There was one new RN that posted that she had lost her first nursing job at a hospital due to repetive med errors. Her post weighed heavily with me, as that could have been any new nursing student, and I cannot imagine what she is going through after years of hard work.

This is a great thread b/c there are some nurses that never make errors and some that make them all too often and there has got to be a difference in how they go about their daily tasks to make sure the right patient gets the right meds and the dosages are correct.

Specializes in home & public health, med-surg, hospice.

Sometimes error can occur d/t inadequacies of the institution in which nurses are practicing, i.e. poor staffing with too many pts, etc.

The OP mentioned that the floor she was working was very chaotic. Also, I gathered she/he was performing these med passes w/o an instructor present and/or w/o much guidance from a preceptor.

She/he may want to explore any contributing factors, such as lack of guidance, being rushed, everybody trying to get into pexis @ once, how many pts. was the student responsible to giving out meds to, etc. and discuss these issues with the instructor.
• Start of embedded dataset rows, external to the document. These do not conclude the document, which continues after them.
(* Let $\omega\in\mathbb{R}$, let $f$ and $f_0=f'$ be as in the context, and let $T\in(1,t_m]$. Let $\rho>0$ and $v^i$ be $C^1$ on $[1,T)\times(\mathbb{R}^3\setminus\{0\})$ and solve $\partial_t\rho+\partial_i(\rho v^i)=0$ with $\rho|_{t=1}=\frac{\iota^3}{6\pi}(1+\beta\mathcal d(|\mathbf x|))$, and let $s\in C^1$ solve $$\partial_ts+v^i\partial_is=-\Big(\frac23+\omega\Big)\partial_i\check v^i+\frac{2\check v^ix_i}{|\mathbf x|^2},\qquad s|_{t=1}=\ln\Big(\frac{(1+\beta\mathcal d(|\mathbf x|))^{2/3+\omega}}{(1+\beta)^{\omega}}|\mathbf x|^2\Big),$$ where $\check v^i:=v^i-\big(\frac{2}{3t}-\frac{f_0}{3(1+f)}\big)x^i$. Assume every point of $[1,T)\times(\mathbb{R}^3\setminus\{0\})$ lies on an integral curve of $\partial_t+v^i\partial_i$ starting on $\{t=1\}$. Then, with $\varrho:=\rho/\mathring\rho-1$ and $\mathring\rho=\frac{\iota^3}{6\pi t^2}$, $$s=\ln\Big(t^{-4/3}\frac{(1+\varrho)^{2/3+\omega}}{(1+f)^{\omega}}|\mathbf x|^2\Big),\qquad\text{and hence}\qquad p=Ke^s\rho^{4/3}=Kt^{-4/3}\frac{(1+\varrho)^{2/3+\omega}}{(1+f)^{\omega}}|\mathbf x|^2\rho^{4/3}.$$
   Context: $f\in C^2([1,t_m))$ solves $f''+\frac{4}{3t}f'-\frac{2}{3t^2}f(1+f)-\frac{4(f')^2}{3(1+f)}=0$, $f(1)=\beta>0$, $f'(1)=3(1+\beta)\gamma$, $\gamma>0$, on its maximal interval $[1,t_m)$; $K>0$ and $\iota\in(0,1)$ are constants; $\mathcal d:(0,\infty)\to\mathbb{R}$ with $1+\beta\mathcal d>0$; $|\mathbf x|^2=\delta_{kl}x^kx^l$, $x_i=\delta_{ij}x^j$, summation convention. *)

From Stdlib Require Import Reals.
From Coquelicot Require Import Coquelicot.
Open Scope R_scope.

Definition nrm2 (x1 x2 x3 : R) : R := x1 ^ 2 + x2 ^ 2 + x3 ^ 2.

Definition inD (T : Rbar) (t x1 x2 x3 : R) : Prop :=
  1 <= t /\ Rbar_lt (Finite t) T /\ nrm2 x1 x2 x3 <> 0.

Definition is_deriv_in (a : R) (b : Rbar) (h : R -> R) (t l : R) : Prop :=
  filterlim (fun s => (h s - h t) / (s - t))
    (within (fun s => a <= s /\ Rbar_le (Finite s) b /\ s <> t) (locally t))
    (locally l).

(* derivative relative to [1, +oo): one-sided at t = 1, usual derivative for t > 1 *)
Definition is_deriv_ge1 (h : R -> R) (t l : R) : Prop :=
  is_deriv_in 1 p_infty h t l.

Definition cont_on_from1 (tm : Rbar) (h : R -> R) : Prop :=
  forall t, 1 <= t -> Rbar_lt (Finite t) tm ->
  forall eps, 0 < eps -> exists del, 0 < del /\
    forall s, 1 <= s -> Rbar_lt (Finite s) tm -> Rabs (s - t) < del ->
      Rabs (h s - h t) < eps.

Definition ode_sol (tm : Rbar) (beta gamma : R) (f f0 : R -> R) : Prop :=
  exists f1 : R -> R,
    (forall t, 1 <= t -> Rbar_lt (Finite t) tm ->
       is_deriv_ge1 f t (f0 t) /\ is_deriv_ge1 f0 t (f1 t) /\ 1 + f t <> 0 /\
       f1 t + 4 / (3 * t) * f0 t - 2 / (3 * t ^ 2) * (f t * (1 + f t))
         - 4 * (f0 t) ^ 2 / (3 * (1 + f t)) = 0) /\
    cont_on_from1 tm f1 /\
    f 1 = beta /\ f0 1 = 3 * (1 + beta) * gamma.

Definition ode_maximal (tm : Rbar) (beta gamma : R) (f f0 : R -> R) : Prop :=
  ode_sol tm beta gamma f f0 /\
  forall (tm' : Rbar) (g g0 : R -> R), Rbar_lt tm tm' ->
    ode_sol tm' beta gamma g g0 ->
    (forall t, 1 <= t -> Rbar_lt (Finite t) tm -> g t = f t) -> False.

(* fields on [1,T) x (R^3\{0}) are curried functions  g t x1 x2 x3 *)
Definition field := R -> R -> R -> R -> R.

Definition pd_t (g : field) t x1 x2 x3 l := is_deriv_ge1 (fun s => g s x1 x2 x3) t l.
Definition pd_1 (g : field) t x1 x2 x3 l := is_derive (fun y => g t y x2 x3) x1 l.
Definition pd_2 (g : field) t x1 x2 x3 l := is_derive (fun y => g t x1 y x3) x2 l.
Definition pd_3 (g : field) t x1 x2 x3 l := is_derive (fun y => g t x1 x2 y) x3 l.

Definition cont_on_D (T : Rbar) (g : field) : Prop :=
  forall t x1 x2 x3, inD T t x1 x2 x3 ->
  forall eps, 0 < eps -> exists del, 0 < del /\
    forall s y1 y2 y3, inD T s y1 y2 y3 ->
      Rabs (s - t) < del -> Rabs (y1 - x1) < del -> Rabs (y2 - x2) < del ->
      Rabs (y3 - x3) < del ->
      Rabs (g s y1 y2 y3 - g t x1 x2 x3) < eps.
Not saying the student should avoid personal accountability for the error but I do feel that all of the circumstances involved should be taken into consideration.
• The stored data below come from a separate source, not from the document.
(* Let $\hat B_n^-(x)=\sum_{\sigma\in\mathcal B_n,\ \sigma(1)<0}x^{\hat d_B(\sigma)}$. Then $$\sum_{n\ge1}\hat B_n^-(x)\frac{z^n}{n!}=\frac{\cos(z(x-1))+\sin(z(x-1))-1}{(x-1)\cos(z(x-1))-(x+1)\sin(z(x-1))}.$$
   Context: $\mathcal B_n$ is the set of signed permutations (bijections $\sigma$ of $\{\pm1,\dots,\pm n\}$ with $\sigma(-i)=-\sigma(i)$), written as words $\sigma(1)\cdots\sigma(n)$ with $\sigma(0)=0$. $\hat d_B(\sigma)$ is the number of $i\in\{0\}\cup[n-1]$ such that either $\sigma(i)<\sigma(i+1)$ and $i$ is even, or $\sigma(i)>\sigma(i+1)$ and $i$ is odd. *)

From HB Require Import structures.
From mathcomp Require Import all_boot all_order all_algebra all_fingroup.
Set Implicit Arguments. Unset Strict Implicit. Unset Printing Implicit Defensive.
Import Order.TTheory GRing.Theory Num.Theory.
Local Open Scope ring_scope.

(* A signed permutation of [n] is encoded by a permutation p of 'I_n and a
   sign vector s : sigma(i+1) = (if s i then -1 else 1) * (p i + 1).
   This is a bijection with B_n (the usual encoding). *)
Definition signed_perm (n : nat) : finType :=
  ('S_n * {ffun 'I_n -> bool})%type.

Definition sp_word (n : nat) (sg : signed_perm n) : seq int :=
  [seq (if sg.2 i then - ((sg.1 i).+1%:Z) else (sg.1 i).+1%:Z) | i <- enum 'I_n].

(* sigma(j) for j = 0..n, with sigma(0) = 0 *)
Definition sp_val (n : nat) (sg : signed_perm n) (j : nat) : int :=
  nth 0 (0 :: sp_word sg) j.

Definition dhatB (n : nat) (sg : signed_perm n) : nat :=
  count (fun i => ((sp_val sg i < sp_val sg i.+1) && ~~ odd i)
                  || ((sp_val sg i.+1 < sp_val sg i) && odd i)) (iota 0 n).

Definition Bminus (n : nat) : {poly rat} :=
  \sum_(sg : signed_perm n | sp_val sg 1 < 0) 'X^(dhatB sg).

(* Formal power series in z over Q[x], given by their coefficient sequences *)
Definition fps_mul (a b : nat -> {poly rat}) (n : nat) : {poly rat} :=
  \sum_(i < n.+1) a i * b (n - i)%N.

Definition egfBminus (n : nat) : {poly rat} :=
  if n is 0 then 0 else (n`!%:R : rat)^-1 *: Bminus n.

(* cos(z(x-1)) and sin(z(x-1)) as formal power series in z *)
Definition cos_fps (n : nat) : {poly rat} :=
  if odd n then 0 else ((-1) ^+ n./2 / n`!%:R : rat) *: ('X - 1) ^+ n.
Definition sin_fps (n : nat) : {poly rat} :=
  if odd n then ((-1) ^+ n./2 / n`!%:R : rat) *: ('X - 1) ^+ n else 0.

Definition num_fps (n : nat) : {poly rat} :=
  cos_fps n + sin_fps n - (n == 0%N)%:R.
Definition den_fps (n : nat) : {poly rat} :=
  ('X - 1) * cos_fps n - ('X + 1) * sin_fps n.

From mathcomp Require Import all_boot all_order all_algebra all_fingroup.
From mathcomp Require Import ring zify.
Set Implicit Arguments. Unset Strict Implicit. Unset Printing Implicit Defensive.
Import Order.TTheory GRing.Theory Num.Theory.
Local Open Scope ring_scope.

(* Work in Q[x][[z]] with D = ∂_z − (x²+1)(z∂_z − (x−1)∂_x).  D is a
   derivation, and a series f with f(0) = 0 and D f = p f vanishes, because D
   determines the coefficient of z^(n+1) from that of z^n.  With
   c = cos(z(x−1)) and s = sin(z(x−1)) one has D c = −(x−1) s and
   D s = (x−1) c, hence D den = x(x−1) den.

   Negating every other letter of 0 σ(1) … σ(n) turns d̂_B into the number of
   adjacent pairs with negative sum.  Building these words by inserting ±n at
   every position gives recurrences saying that the EGF Φ of all signed
   permutations satisfies D Φ = (1+2x−x²) Φ + (x−1)², and the EGF A of those
   with σ(1) < 0 satisfies D A = Φ − x(x−1) A.  By uniqueness,
   Φ den = (x−1)(c − s) and then A den = num. *)

Section FpsProduct.

Implicit Types (f g h : nat -> {poly rat}) (p : {poly rat}).

Definition fps1 (n : nat) : {poly rat} := (n == 0)%:R.

Lemma eq_fps_mul f f' g g' n : f =1 f' -> g =1 g' -> fps_mul f g n = fps_mul f' g' n.
Proof. by move=> ef eg; apply: eq_bigr => i _; rewrite ef eg. Qed.

Lemma fps_mul0 f g : fps_mul f g 0 = f 0%N * g 0%N.
Proof. by rewrite /fps_mul big_ord1. Qed.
Sometimes error can occur d/t inadequacies of the institution in which nurses are practicing, i.e. poor staffing with too many pts, etc.
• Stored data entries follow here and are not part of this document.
(* Let $k,d,r,\delta$ be positive integers with $\delta\le d$, $r \ge 1$, and suppose there exists a systematic $[k+d-1,k,d]$ MDS code over $\mathbb{F}_q$. Then there exists an $(r,\delta)_i$ linear code over $\mathbb{F}_q$ of length $n = k+d-1+\left(\lceil k/r\rceil-1\right)(\delta-1)$, dimension $k$ and minimum distance $d$, i.e. an $(r,\delta)_i$ code attaining $d = n-k+1-\left(\lceil k/r\rceil-1\right)(\delta-1)$ with equality.
   Context: Coordinate $i$ of a linear code $\mathcal{C}$ of length $n$ has locality $(r,\delta)$ if there is $S_i\subseteq[n]$ with $i\in S_i$, $|S_i|\le r+\delta-1$, such that the punctured code $\mathcal{C}|_{S_i}$ (delete coordinates outside $S_i$) has minimum distance at least $\delta$. An $(r,\delta)_i$ code is a systematic $[n,k,d]$ linear code (information symbols in the first $k$ coordinates) in which all $k$ information coordinates have locality $(r,\delta)$. An MDS code is an $[N,K,D]$ code with $D=N-K+1$. *)

(* Linear codes over a finite field F are given by generator
   matrices G : 'M[F]_(k, n); the code is the row space of G. *)
From HB Require Import structures.
From mathcomp Require Import all_boot all_order all_algebra.
Set Implicit Arguments. Unset Strict Implicit. Unset Printing Implicit Defensive.
Import GRing.Theory.
Local Open Scope ring_scope.

Definition wt (F : fieldType) (n : nat) (c : 'rV[F]_n) : nat :=
  #|[set j : 'I_n | c 0%R j != 0%R]|.

Definition codeword (F : fieldType) (k n : nat) (G : 'M[F]_(k, n)) (c : 'rV[F]_n) : Prop :=
  (c <= G)%MS.

Definition has_min_dist (F : fieldType) (k n : nat) (G : 'M[F]_(k, n)) (d : nat) : Prop :=
  (exists c, codeword G c /\ c != 0 /\ wt c = d) /\
  (forall c, codeword G c -> c != 0 -> (d <= wt c)%N).

Definition systematic (F : fieldType) (k n : nat) (G : 'M[F]_(k, n)) : Prop :=
  forall (i : 'I_k) (j : 'I_n), (j < k)%N -> G i j = ((i : nat) == (j : nat))%:R.

(* Coordinate i has locality (r, delta): there is S containing i with
   |S| <= r + delta - 1 such that the punctured code C|_S has minimum distance
   at least delta (every nonzero codeword of C|_S has weight >= delta). *)
Definition has_locality (F : fieldType) (k n : nat) (G : 'M[F]_(k, n))
    (r delta : nat) (i : 'I_n) : Prop :=
  exists S : {set 'I_n},
    [/\ i \in S, (#|S| <= r + delta - 1)%N &
        forall c, codeword G c -> (exists2 j, j \in S & c 0%R j != 0%R) ->
          (delta <= #|[set j in S | c 0%R j != 0%R]|)%N].

Definition systematic_code (F : fieldType) (k n : nat) (G : 'M[F]_(k, n)) (d : nat) : Prop :=
  [/\ row_free G, systematic G & has_min_dist G d].

Definition rdelta_i_code (F : fieldType) (k n : nat) (G : 'M[F]_(k, n))
    (d r delta : nat) : Prop :=
  systematic_code G d /\
  forall i : 'I_n, (i < k)%N -> has_locality G r delta i.

Definition ceil_div (k r : nat) : nat := ((k + r.-1) %/ r)%N.

From HB Require Import structures.
From mathcomp Require Import all_boot all_order all_algebra.
From mathcomp Require Import zify.
Set Implicit Arguments. Unset Strict Implicit. Unset Printing Implicit Defensive.
Import GRing.Theory.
The OP mentioned that the floor she was working was very chaotic. Also, I gathered she/he was performing these med passes w/o an instructor present and/or w/o much guidance from a preceptor.

She/he may want to explore any contributing factors, such as lack of guidance, being rushed, everybody trying to get into pexis @ once, how many pts. was the student responsible to giving out meds to, etc. and discuss these issues with the instructor.

Not saying the student should avoid personal accountability for the error but I do feel that all of the circumstances involved should be taken into consideration.

i'm the original OP and yes i have taken personal accountability & i have discussed the circumstance w/ my instructor and the don of the program. They feel that rushing and even multitasking during med pass, ect. is part of nursing & w/ out it meds won't get passed on time (so, deal w/ it basically).

Also, i had 2 pts. in the same room & other than my instructor getting the meds from the pixus, i was on my own (which is allowed by state board at the discretion of the instructor, so i have learned). you are correct there were circumstances involved (choas, interuptions (3 of them), rushing, ect.)that lead to the error, but no one is willing to officially step up and say that those things contributed to the error. so, i take the fall on my own, w/ out anyone in authority saying.... "ya-know, maybe it all was a bit much for a student?".

funny how they want students to have dignity, honesty, admit to errors, ect., but are unwilling themselves to officially admit there were contributing factors, ect. when an error is made. what i HAVE learned from this other than the obvious is that IF you make an error you will be on your own to take the fall, so even if rushing, multitasking is what OTHER nurses do during med pass it won't be what "I" do from now on!!!....I don't care how long it takes me, it's going to get done correctly.

Specializes in Med-Surg, Trauma, Ortho, Neuro, Cardiac.
funny how they want students to have dignity, honesty, admit to errors, ect., but are unwilling themselves to officially admit there were contributing factors, ect. when an error is made.

It's a bitter pill to have to swallow that no matter what the circumstances, the nurse is always the one to blame, although there are sometimes problems with the "process" that interfere with safe and effective medication administration, such as unsafe staffing.

It would be nice if higher ups would say "you're accountable for the error, because you made it. However, we acknowledge the circumstances weren't the best and we're at fault too." 99.99% of the time that isn't going to happen. It's probably good you're learning this now.